The International Monetary Fund expects high inflation to recede in most advanced economies by the middle of next year, but warns that there is tremendous uncertainty around the outlook for both economic growth and inflation due to supply chain disruptions that have convulsed the global economy and pushed up consumer prices around the world.
The IMF delivered this message in its semi-annual World Economic Outlook report. The document downgraded the fund’s global growth forecast for the year and emphasized the need for a more equitable distribution of COVID-19 vaccines from wealthy countries to developing and middle-income countries.
Central banks should be prepared to act quickly if inflation proves to be more persistent than expected, said IMF chief economist Gita Gopinath.
“We have never seen a recovery of this kind where you have shortages in the labour market at the same time that you have high levels of unemployment; the fact that you have ports that aren’t able to offload container ships,” Ms. Gopinath said in a Tuesday news conference.

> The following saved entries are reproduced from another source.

Lemma avg_degree_setX S1 S2 : S1 != set0 -> S2 != set0 ->
  avg_degree R e12 (setX S1 S2) = avg_degree R e1 S1 + avg_degree R e2 S2.
Proof.
move=> S1n0 S2n0.
rewrite (avg_degree_arc_count R cart_rel_sym cart_rel_irr) !avg_degree_arc_count //.
rewrite -!adj_form_indicator cardsX natrM adj_form_cart.
have rows a : adj_form e2 (fun b => indicator R (setX S1 S2) (a, b)) =
    indicator R S1 a * adj_form e2 (indicator R S2).
  rewrite -[indicator R S1 a]indicator_sqr -adj_formZ; apply: eq_adj_form => b.
  by rewrite /indicator in_setX -natrM mulnb.
have cols b : adj_form e1 (fun a => indicator R (setX S1 S2) (a, b)) =
    indicator R S2 b * adj_form e1 (indicator R S1).
  rewrite -[indicator R S2 b]indicator_sqr -adj_formZ; apply: eq_adj_form => a.
  by rewrite /indicator in_setX -natrM mulnb andbC.
under eq_bigr do rewrite rows.
under [X in _ + X]eq_bigr do rewrite cols.
rewrite -!mulr_suml !sum_indicator.
have c1 : (#|S1|%:R : R) != 0 by rewrite pnatr_eq0 -lt0n card_gt0.
have c2 : (#|S2|%:R : R) != 0 by rewrite pnatr_eq0 -lt0n card_gt0.
by field; rewrite c1 c2.
Qed.

Lemma iota_graph_cart_ge (t1 : T1) (t2 : T2) :
  iota_graph R e1 + iota_graph R e2 <= iota_graph R e12.
Proof.
have [S1 [S1n0 bip1 ->]] := iota_graph_attained R ei1 t1.
have [S2 [S2n0 bip2 ->]] := iota_graph_attained R ei2 t2.
rewrite -avg_degree_setX //; apply: le_iota_graph; last exact: induced_bipartite_setX.
by rewrite -card_gt0 cardsX muln_gt0 !card_gt0 S1n0.
Qed.

End AverageDegree.
End CartesianProduct.


Theorem proposition3p1 (R : realType) (T1 T2 : finType)
    (e1 : rel T1) (e2 : rel T2) :
  simple_graph e1 -> simple_graph e2 ->
  (1 < #|T1|)%N -> (1 < #|T2|)%N ->
  is_smallest_eigenvalue e1 (- @iota_graph R _ e1) ->
  is_smallest_eigenvalue e2 (- @iota_graph R _ e2) ->
  is_smallest_eigenvalue (cart_rel e1 e2) (- @iota_graph R _ (cart_rel e1 e2)).
Proof.
move=> [es1 ei1] [es2 ei2] /ltnW/card_gt0P[t1 _] /ltnW/card_gt0P[t2 _].
move=> [ev1 min1] [ev2 min2].
have lb := adj_form_cart_ge ei1 ei2 (adj_form_ge es1 min1) (adj_form_ge es2 min2).
have iota_le : iota_graph R (cart_rel e1 e2) <= iota_graph R e1 + iota_graph R e2.
  have := iota_graph_le_form_lb (cart_rel_sym es1 es2) (cart_rel_irr ei1 ei2) lb.
  by rewrite opprD !opprK; apply; rewrite addr_ge0 ?iota_graph_ge0.
have -> : - iota_graph R (cart_rel e1 e2) = - iota_graph R e1 + - iota_graph R e2.
  by rewrite -opprD; congr (- _); apply/le_anti; rewrite iota_le iota_graph_cart_ge.
by apply: is_smallest_eigenvalue_form => //; apply: eigenvalue_cart.
Qed.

“We have to be particularly vigilant to make sure these particular supply-side shocks don’t end up de-anchoring inflation expectations or creating wage-price spirals, because that is when it will start showing up in more core inflation, and then require a very strong monetary policy response,” she said.

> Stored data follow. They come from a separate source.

(* Well-founded induction on a bound g of the support: the coefficient of g is
   cancelled by a vector of P with leading term g if there is one, and is kept
   in the normal form otherwise. *)
Lemma normal_form_exists_le g v : {in msupp v, forall k, (k <= g)%O} ->
  exists2 w, normal_form v w & {in msupp w, forall k, (k <= g)%O}.
Proof.
elim/(well_founded_induction wfG): g v => g IH v vg.
have below v' : {in msupp v', forall k, (k < g)%O} ->
    exists2 w, normal_form v' w & {in msupp w, forall k, (k <= g)%O}.
  move=> v'g; have [->|/is_lt_exists [m [mv' mmax]]] := eqVneq v' 0.
    by exists 0 => [|k]; rewrite ?mem_msupp0 //; exact: normal_form0.
  have [w nf_w wm] := IH m (v'g m mv') v' mmax.
  by exists w => // k /wm km; apply/ltW/(le_lt_trans km)/v'g.
have cancel_g x : {in msupp x, forall k, (k <= g)%O} -> x@_g != 0 ->
    {in msupp (v - (v@_g / x@_g) *: x), forall k, (k < g)%O}.
  move=> xg xg_neq0 k kv'; rewrite lt_neqAle; apply/andP; split.
    by apply: contraTneq kv' => ->; rewrite -mcoeff_eq0 mcoeffB mcoeffZ divfK // subrr.
  by move: kv' => /mem_msuppB /orP [/vg | /mem_msuppZ /xg].
case: (classic (in_lt P g)) => [[p [Pp [gp pg]]] | not_lt_g].
  have [|w [Pw wN] wg] := below _ (cancel_g p pg _); first by rewrite mcoeff_neq0.
  exists w => //; split=> //; set c := v@_g / p@_g in Pw *.
  have -> : v - w = c *: p + (v - c *: p - w) by rewrite addrA [c *: p + _]addrC subrK.
  by case: subP => _; apply.
have basis_g : {in msupp (<< g >> : V), forall k, (k <= g)%O}.
  by move=> k; rewrite mem_msupp_basis => /eqP ->.
have [|w [Pw wN] wg] := below _ (cancel_g _ basis_g _).
  by rewrite mcoeff_basis eqxx oner_eq0.
set c := v@_g / _ in Pw wg; exists (w + c *: << g >>).
  split; first by rewrite opprD addrA addrAC.
  by move=> k /mem_msuppD /orP [/wN // | /mem_msuppZ]; rewrite mem_msupp_basis => /eqP ->.
by move=> k /mem_msuppD /orP [/wg // | /mem_msuppZ /basis_g].
Qed.

Lemma normal_form_exists v : exists w, normal_form v w.
Proof.
have [->|/is_lt_exists [g [_ gmax]]] := eqVneq v 0; first by exists 0; exact: normal_form0.
by have [w nf_w _] := normal_form_exists_le gmax; exists w.
Qed.

Lemma normal_form_basis g w : normal_form << g >> w -> vle w << g >>.
Proof.
move=> nf_w; have basis_g : {in msupp (<< g >> : V), forall k, (k <= g)%O}.
  by move=> k; rewrite mem_msupp_basis => /eqP ->.
case: (classic (in_lt P g)) => [lt_g | not_lt_g]; last first.
  right; apply: (normal_form_uniq nf_w); split=> [|k]; first by rewrite subrr; exact: subspace0.
  by rewrite mem_msupp_basis => /eqP ->.
have [w' nf_w' w'g] := normal_form_exists_le basis_g; rewrite (normal_form_uniq nf_w nf_w').
have w'_lt : {in msupp w', forall k, (k < g)%O}.
  move=> k kw'; rewrite lt_neqAle w'g // andbT.
  by apply: contraTneq kw' => ->; apply/negP => /(proj2 nf_w').
left; have [->|/is_lt_exists [a [aw' amax]]] := eqVneq w' 0.
  by left; split=> //; apply/eqP; rewrite monalgU_eq0 oner_eq0.
by right; exists a, g; split=> //; [exact: is_lt_basis | exact: w'_lt].
Qed.

Lemma red_op_with_kernel : exists T : Op, is_red_op T /\ forall v, T v = 0 <-> P v.
Proof.
pose T v := epsilon (inhabits 0) (normal_form v).
have nfT v : normal_form v (T v) by apply: epsilon_spec; exact: normal_form_exists.
have TE v w : normal_form v w -> T v = w := normal_form_uniq (nfT v).
exists T; split; last first.
  move=> v; split=> [Tv|Pv]; first by have [] := nfT v; rewrite Tv subr0.
  by apply/TE; split=> [|k]; rewrite ?subr0 ?mem_msupp0.
split=> [a u v | v | g]; last exact: normal_form_basis.
  apply/TE; split; last first.
    by move=> k /mem_msuppD /orP [/mem_msuppZ /(nfT u).2 | /(nfT v).2].
  by apply: (subspace_combB subP); [case: (nfT u) | case: (nfT v)].
by apply/TE; split; [rewrite subrr; exact: (subspace0 subP) | exact: (nfT v).2].
Qed.

Lemma ker_invP : is_red_op (ker_inv P) /\ forall v, ker_inv P v = 0 <-> P v.
Proof. exact: (epsilon_spec _ _ red_op_with_kernel). Qed.

End KernelInverse.

Lemma In_mem (T : eqType) (x : T) (s : seq T) : List.In x s <-> x \in s.
Proof.
elim: s => [|a s IH] //=; rewrite inE; split.
  by case=> [->|/IH ->]; rewrite ?eqxx ?orbT.
by case/predU1P => [->|/IH]; [left|right].
Qed.

Definition all_red_op (X : seq Op) := forall T, List.In T X -> is_red_op T.

Lemma all_red_op_cat (A B : seq Op) :
  all_red_op (A ++ B) <-> all_red_op A /\ all_red_op B.
Proof.
split=> [redAB | [redA redB] T /List.in_app_iff [/redA|/redB] //].
by split=> T XT; apply: redAB; apply/List.in_app_iff; [left|right].
Qed.

Lemma all_red_op_cons (T : Op) (A : seq Op) :
  all_red_op (T :: A) <-> is_red_op T /\ all_red_op A.
Proof.
split=> [redTA | [redT redA] T' [<-|/redA] //].
by split=> [|T' AT']; apply: redTA; [left|right].
Qed.

Lemma ksum_subspace (X : seq Op) : all_red_op X -> subspace (ksum X).
Proof.
elim: X => [_|T Y IH /all_red_op_cons [[linT _ _] /IH subY]].
  by split=> // a u v -> ->; rewrite scaler0 addr0.
split; first by exists 0; rewrite lin0 // subrr; split=> //; exact: (subspace0 subY).
move=> a u v [wu [Twu Yu]] [wv [Twv Yv]]; exists (a *: wu + wv); split.
  by rewrite linT Twu Twv scaler0 addr0.
exact: (subspace_combB subY).
Qed.

Lemma ker_ksum (X : seq Op) T w : all_red_op X -> List.In T X -> T w = 0 -> ksum X w.
Proof.
elim: X => [//|T' Y IH /all_red_op_cons [redT' redY]] /= [<-|YT] Tw.
  by exists w; rewrite subrr; split=> //; case: (ksum_subspace redY).
by exists 0; rewrite subr0 (lin0 (red_op_lin redT')); split=> //; apply: IH.
Qed.

Lemma ksum_min (X : seq Op) (Q : V -> Prop) : subspace Q ->
  (forall T, List.In T X -> forall w, T w = 0 -> Q w) -> forall v, ksum X v -> Q v.
Proof.
move=> subQ; elim: X => [|T X IH] kerQ v /=; first by move=> ->; exact: subspace0.
move=> [w [Tw Xvw]]; rewrite -(subrK w v); apply: subspaceD => //.
  by apply: IH => // T' XT'; apply: kerQ; right.
by apply: (kerQ T) => //; left.
Qed.

Lemma ksum_le (A B : seq Op) : all_red_op B ->
  (forall T, List.In T A -> forall w, T w = 0 -> ksum B w) -> forall v, ksum A v -> ksum B v.
Proof. by move=> redB; apply: ksum_min; exact: ksum_subspace. Qed.

Lemma ksum_subset (A B : seq Op) : all_red_op B ->
  (forall T, List.In T A -> List.In T B) -> forall v, ksum A v -> ksum B v.
Proof. by move=> redB AB; apply: ksum_le => // T AT w; apply/ker_ksum/AB. Qed.

Lemma wedge_ext (A B : seq Op) : (forall v, ksum A v <-> ksum B v) -> wedge A = wedge B.
Proof.
move=> AB; rewrite /wedge; congr ker_inv.
by apply: functional_extensionality => v; apply: propositional_extensionality.
Qed.

Lemma span_subspace (Q : G -> Prop) : subspace (span Q).
Proof.
split; first by exists [::]; rewrite big_nil.
move=> a u v [su [Qu ->]] [sv [Qv ->]].
exists ([seq (a * x.1, x.2) | x <- su] ++ sv); split.
  by move=> x /List.in_app_iff [/List.in_map_iff [y [<- /Qu]] | /Qv].
rewrite big_cat big_map scaler_sumr; congr (_ + _); apply: eq_bigr => x _.
by rewrite scalerA.
Qed.

Lemma span_supp (Q : G -> Prop) v : {in msupp v, forall k, Q k} -> span Q v.
Proof.
move=> Qv; exists [seq (v@_k, k) | k <- msupp v]; split; last by rewrite big_map -monalgZE.
by move=> x /List.in_map_iff [k [<- /In_mem /Qv]].
Qed.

In Canada, the annual rate of inflation has run above the central bank’s 1-per-cent to 3-per-cent target band since April, hitting an 18-year high of 4.1 per cent in August. Last week Bank of Canada Governor Tiff Macklem argued the causes of the inflation spike would likely prove transitory, although he acknowledged high inflation could be “a little more persistent” than the central bank previously thought.

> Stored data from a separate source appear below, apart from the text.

(* Let $a,b\in\mathbb{C}$ with $ab\neq0,\ ab\neq1,\ ab\neq-1$. Then the Lie superalgebra $\Gamma$ defined in the context is isomorphic to the Lie subsuperalgebra of $\mathrm{End}(\tilde{\mathcal{W}}^{2|2})$ spanned by the following matrices (writing $u=\tau^{-1}\circ t^{-1}\in\tilde{\mathcal W}$): $$\tilde C_+=(t\tau)I_4,\quad \tilde C=I_4,\quad \tilde C_-=u\,I_4,$$ $$\tilde E_1=E_{12},\ \tilde F_1=E_{21},\ \tilde H_1=E_{11}-E_{22},\ \tilde E_2=E_{43},\ \tilde F_2=E_{34},\ \tilde H_2=E_{33}-E_{44},$$ $$\tilde T_3=(t\tau)E_{13}+aE_{42},\quad \tilde T_2=-(t\tau)E_{14}+aE_{32},\quad \tilde D_4=(t\tau)E_{24}+aE_{31},\quad \tilde D_1=-(t\tau)E_{23}+aE_{41},$$ $$\tilde T_1=bE_{14}+uE_{32},\quad \tilde T_4=bE_{13}-uE_{42},\quad \tilde D_2=bE_{23}+uE_{41},\quad \tilde D_3=bE_{24}-uE_{31}.$$
   Context: The Lie superalgebra $\Gamma$ (a contraction of $D(2,1;\alpha)$ as $\alpha\to1$) has basis consisting of odd elements $T_1,T_2,T_3,T_4,D_1,D_2,D_3,D_4$ and even elements $E_1,H_1,F_1,E_2,H_2,F_2,C,C_+,C_-$, with the following nonzero brackets: $[T_1,T_3]=[T_2,T_4]=E_1$; $[D_1,D_3]=[D_2,D_4]=F_1$; $[E_1,D_1]=-2T_3$, $[E_1,D_3]=-2T_1$, $[E_1,D_2]=-2T_4$, $[E_1,D_4]=-2T_2$; $[F_1,T_1]=2D_3$, $[F_1,T_3]=2D_1$, $[F_1,T_2]=2D_4$, $[F_1,T_4]=2D_2$; $[E_2,T_1]=-T_4$, $[E_2,T_2]=T_3$, $[E_2,D_4]=D_1$, $[E_2,D_3]=-D_2$; $[F_2,T_4]=T_1$, $[F_2,T_3]=-T_2$, $[F_2,D_1]=-D_4$, $[F_2,D_2]=D_3$; $[E_1,F_1]=-4H_1$, $[E_2,F_2]=-H_2$, $[H_i,E_i]=2E_i$, $[H_i,F_i]=-2F_i$ ($i=1,2$); $[H_1,T_k]=T_k$, $[H_1,D_k]=-D_k$ ($k=1,\dots,4$); $[H_2,T_1]=-T_1$, $[H_2,T_2]=-T_2$, $[H_2,T_3]=T_3$, $[H_2,T_4]=T_4$, $[H_2,D_1]=D_1$, $[H_2,D_2]=D_2$, $[H_2,D_3]=-D_3$, $[H_2,D_4]=-D_4$; $[T_1,D_4]=-2F_2$, $[T_2,D_3]=2F_2$, $[D_1,T_4]=2E_2$, $[D_2,T_3]=-2E_2$; $[T_3,D_4]=C_+$, $[T_4,D_3]=C_-$, $[T_1,D_2]=-C_-$, $[T_2,D_1]=-C_+$; $[T_1,D_1]=H_1+H_2-\tfrac{C}{2}$, $[T_2,D_2]=H_1+H_2+\tfrac{C}{2}$, $[T_3,D_3]=H_1-H_2+\tfrac{C}{2}$, $[T_4,D_4]=H_1-H_2-\tfrac{C}{2}$. Brackets obtained from these by super-antisymmetry $[Y,X]=-(-1)^{p(X)p(Y)}[X,Y]$ are understood, and all other brackets of basis elements are zero (in particular $C,C_+,C_-$ are central). $\tilde{\mathcal W}$ is the associative algebra of pseudodifferential symbols on the circle: formal series $A=\sum_{i=-\infty}^{n}a_i(t)\tau^i$ with $a_i\in\mathbb{C}[t,t^{-1}]$, $n\in\mathbb{Z}$, with product $A\circ B=\sum_{n\ge0}\frac1{n!}\,\partial_\tau^nA\,\partial_t^nB$. $\mathrm{End}(\tilde{\mathcal W}^{2|2})$ is the Lie superalgebra of $4\times4$ matrices over $\tilde{\mathcal W}$, rows/columns $1,2$ even and $3,4$ odd (a matrix is even if entries at $(k,l)$ with $k,l$ of different parity vanish, odd if entries with $k,l$ of the same parity vanish), with matrix product computed using $\circ$ and bracket $[X,Y]=XY-(-1)^{p(X)p(Y)}YX$. $E_{kl}$ is the matrix unit at position $(k,l)$, $wE_{kl}$ has $w\in\tilde{\mathcal W}$ there, and $I_4$ is the identity matrix. *)

From HB Require Import structures.
From mathcomp Require Import all_boot all_order all_algebra.
From mathcomp Require Import boolp classical_sets cardinality fsbigop.
Set Implicit Arguments. Unset Strict Implicit. Unset Printing Implicit Defensive.
Import Order.TTheory GRing.Theory Num.Theory.
Local Open Scope ring_scope.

The combination of high inflation and slowing growth has led some commentators to raise the possibility that we’re heading into a period of stagflation – economic stagnation and high inflation – similar to the 1970s and early 1980s.
Ms. Gopinath dismissed this idea. Even though the IMF trimmed its growth outlook slightly, it still expects the global economy to expand by 5.9 per cent this year and 4.9 per cent next year. “This is not something that looks remotely close to stagflation,” Ms. Gopinath said.
At the same time, the current situation poses a distinct challenge for monetary policy makers. Central bankers typically aim to control inflation by influencing economic demand through adjustments of interest rates and borrowing costs. They don’t really have tools to deal with supply-side constraints, such as factory closings, shipping congestion and health-related lockdowns.
Mr. Macklem said last week the bank is watching a number of indicators to see if one-time price jumps turn into more persistent inflation. Short-run inflation expectations have moved up, but medium and long-term expectations remain well anchored, he said. And there are few signs that wages are running ahead of productivity growth and becoming an independent driver of inflation.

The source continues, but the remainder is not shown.